Nice pieces indeed! The Kane with Incabloc - Incabloc dates from 1934 ISTR, so it has to be after that date and not before. Styling is certainly 40's. It also has 1/5th second markers suggesting a good quality "precision" movement with some accuracy. 

Of course, that's no guarantee as to what is actually inside :lookaround: BUT it looks as if it would be, the watch has some "class" about it! :yes:

The Crawford is a beauty - love the look of it! Month, date day! SUPER - yes! One assumes the second crown at ten o'clock allows reset of the inner chapter ring to get the dates lined up for whatever month you're in, and possibly the month itself as well? :man_in_love:

All in all - what a cracking pair of watches







:notworthy:


----------



## sam. (Mar 24, 2010)

This is the address i just found for the "crawford watch company",you may be able to find out more from them.

105 Canal Street

New York, New York

(212)925-0450

You have 2 wonderful heirlooms,congrats and enjoy! :cheers:


----------



## Byron (Jun 14, 2010)

Hi All,

thanks for commenting  I do feel very lucky to have the watches.
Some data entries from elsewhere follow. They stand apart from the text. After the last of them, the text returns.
Lemma rho_recurrence_not_same_lead (A B : {poly R}) :
  (forall x : int, A.[x%:~R] * rho (x + 1) = B.[x%:~R] * rho x) ->
  size A = size B -> lead_coef A = lead_coef B -> A != 0 -> False.
Proof.
move=> rec sAB lAB A_neq0.
have [right_inf|left_inf] : (forall N, exists2 n, (N <= n)%N & rho n%:Z != 0) \/
                             (forall N, exists2 n, (N <= n)%N & rho (- n%:Z) != 0).
  apply: infinitely_often_or => N; have [x [Nx rx]] := rho_unbounded_support N.
  exists `|x|%N; first exact: ltnW.
  by case: x Nx rx => k /= _ rx; [left | right; rewrite -NegzE].
- apply: (recurrence_not_rapidly_decreasing (tau := fun n => rho n%:Z)
            _ _ sAB lAB A_neq0).
  + by move=> n.
  + by move=> n; have := rec n%:Z; rewrite -[n%:Z + 1]/((n + 1)%N : int) addn1; apply.
  + exact: right_inf.
  + by move=> P; exact: (zsummable_cvg0 (zsummable_poly P)).1.
- (* on the left, reflect x to -1 - x, which exchanges the roles of A and B *)
  have s2 : size (- 'X - 1 : {poly R}) = 2.
    by rewrite -opprD size_polyN -polyC1 size_XaddC.
  apply: (recurrence_not_rapidly_decreasing (tau := fun n => rho (- n%:Z))
            (A := B \Po (- 'X - 1)) (B := A \Po (- 'X - 1))).
  + by move=> n.
  + move=> n; have := rec (- n.+1%:Z).
    have -> : - n.+1%:Z + 1 = - n%:Z by rewrite -addn1 PoszD opprD addrNK.
    have -> : (- n.+1%:Z)%:~R = - n%:R - 1 :> R by rewrite intrN -pmulrn -natr1 opprD.
    by rewrite !horner_comp !hornerE => ->.
  + by rewrite !size_comp_poly2 ?sAB.
  + by rewrite !lead_coef_comp ?s2 // sAB lAB.
  + by rewrite -size_poly_gt0 size_comp_poly2 // -sAB size_poly_gt0.
  + exact: left_inf.
  + move=> P; rewrite (_ : (fun n : nat => _) =
                  fun n : nat => (P \Po - 'X).[(- n%:Z)%:~R] * rho (- n%:Z)).
      exact: (zsummable_cvg0 (zsummable_poly _)).2.
    by apply/funext => n; rewrite horner_comp hornerN hornerX intrN opprK.
Qed.

Lemma rho_shift_pearson x :
  (f \Po ('X + 1%:P)).[x%:~R] * rho (x + 1) = (f + g).[x%:~R] * rho x.
Proof. by rewrite horner_comp !hornerE; have := pearson x; lra. Qed.

Lemma size_f_le2 : (size f <= 2)%N.
Proof.
rewrite leqNgt; apply/negP => f_gt2.
apply: (@rho_recurrence_not_same_lead (f \Po ('X + 1%:P)) (f + g)).
- exact: rho_shift_pearson.
- by rewrite size_comp_XaddC size_polyDl // (leq_ltn_trans deg_g).
- by rewrite lead_coef_comp_XaddC lead_coefDl // (leq_ltn_trans deg_g).
- by rewrite -size_poly_gt0 size_comp_XaddC (ltn_trans _ f_gt2).
Qed.

Lemma g1_neq0 : f != 0 -> g`_1 != 0.
Proof.
move=> f_neq0; apply/negP => /eqP g1.
have gE : g = (g`_0)%:P.
  apply: size1_polyC; apply/leq_sizeP => -[//|[|j]] _; first by rewrite g1.
  by rewrite nth_default // (leq_trans deg_g).
have Al1 : Al_poly 1 = g.
  by rewrite /Al_poly -polyC1 !comp_polyC subrr mulr0 addr0 mulr1.
have w1_neq0 : wsum 1 != 0 by have := wsum_sq_gt0 0; rewrite p0 mulr1 => /gt_eqF ->.
have g_eq0 : g = 0.
  have := wsum_Al_poly_self 1.
  rewrite Al1 mul1r {1}gE -[_%:P]mulr1 mul_polyC linearZ /=.
  by move/eqP; rewrite mulf_eq0 (negbTE w1_neq0) orbF => /eqP g0; rewrite gE g0.
apply: (@rho_recurrence_not_same_lead (f \Po ('X + 1%:P)) f).
- by move=> x; rewrite rho_shift_pearson g_eq0 addr0.
- exact: size_comp_XaddC.
- exact: lead_coef_comp_XaddC.
- by rewrite -size_poly_gt0 size_comp_XaddC size_poly_gt0.
Qed.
Mel, yes the crown at 10 o'clock controls the month when 'in' and the outer ring of dates when pulled out.

Sam, thank you for the address; I only found numerous references to Cindy Crawford and her watch when I was searching online 

Byron


----------



## mel (Dec 6, 2006)

Thanks Byron, very nice indeed - both pieces of good horological history I would guess! :yes:

Wear them (with a bit of care - not when chopping wood ! ) and *E N J O Y!* :man_in_love:


----------



## andyclient (Aug 1, 2009)

dombox40 said:


> Wow that crawford is something is something else. :inlove: cant tell you much about it, looks like it,s got a Brevet movement which I beleive is pre ETA but I expect someone will be along soon who does know when they see these two beauties.


Lovely pair of watches I particulaly like the Crawford .

I was lead to believe Brevet is French (Swiss) for Patent maybe in reference to to dial ?

cheers

Andy


----------



## YouCantHaveTooManyWatches (Nov 28, 2010)

I love the Crawford and my surname is Crawford and I've just seen this on eBay (but at $600) which another absolute beauty though nowhere near as clean as yours!


----------



## Hoppergrass7 (Jan 18, 2011)

YouCantHaveTooManyWatches said:


> I love the Crawford and my surname is Crawford and I've just seen this on eBay (but at $600) which another absolute beauty though nowhere near as clean as yours!


----------



## The Monk (Dec 23, 2010)

Lovely, lovely watches. Congratulations! :drinks:


----------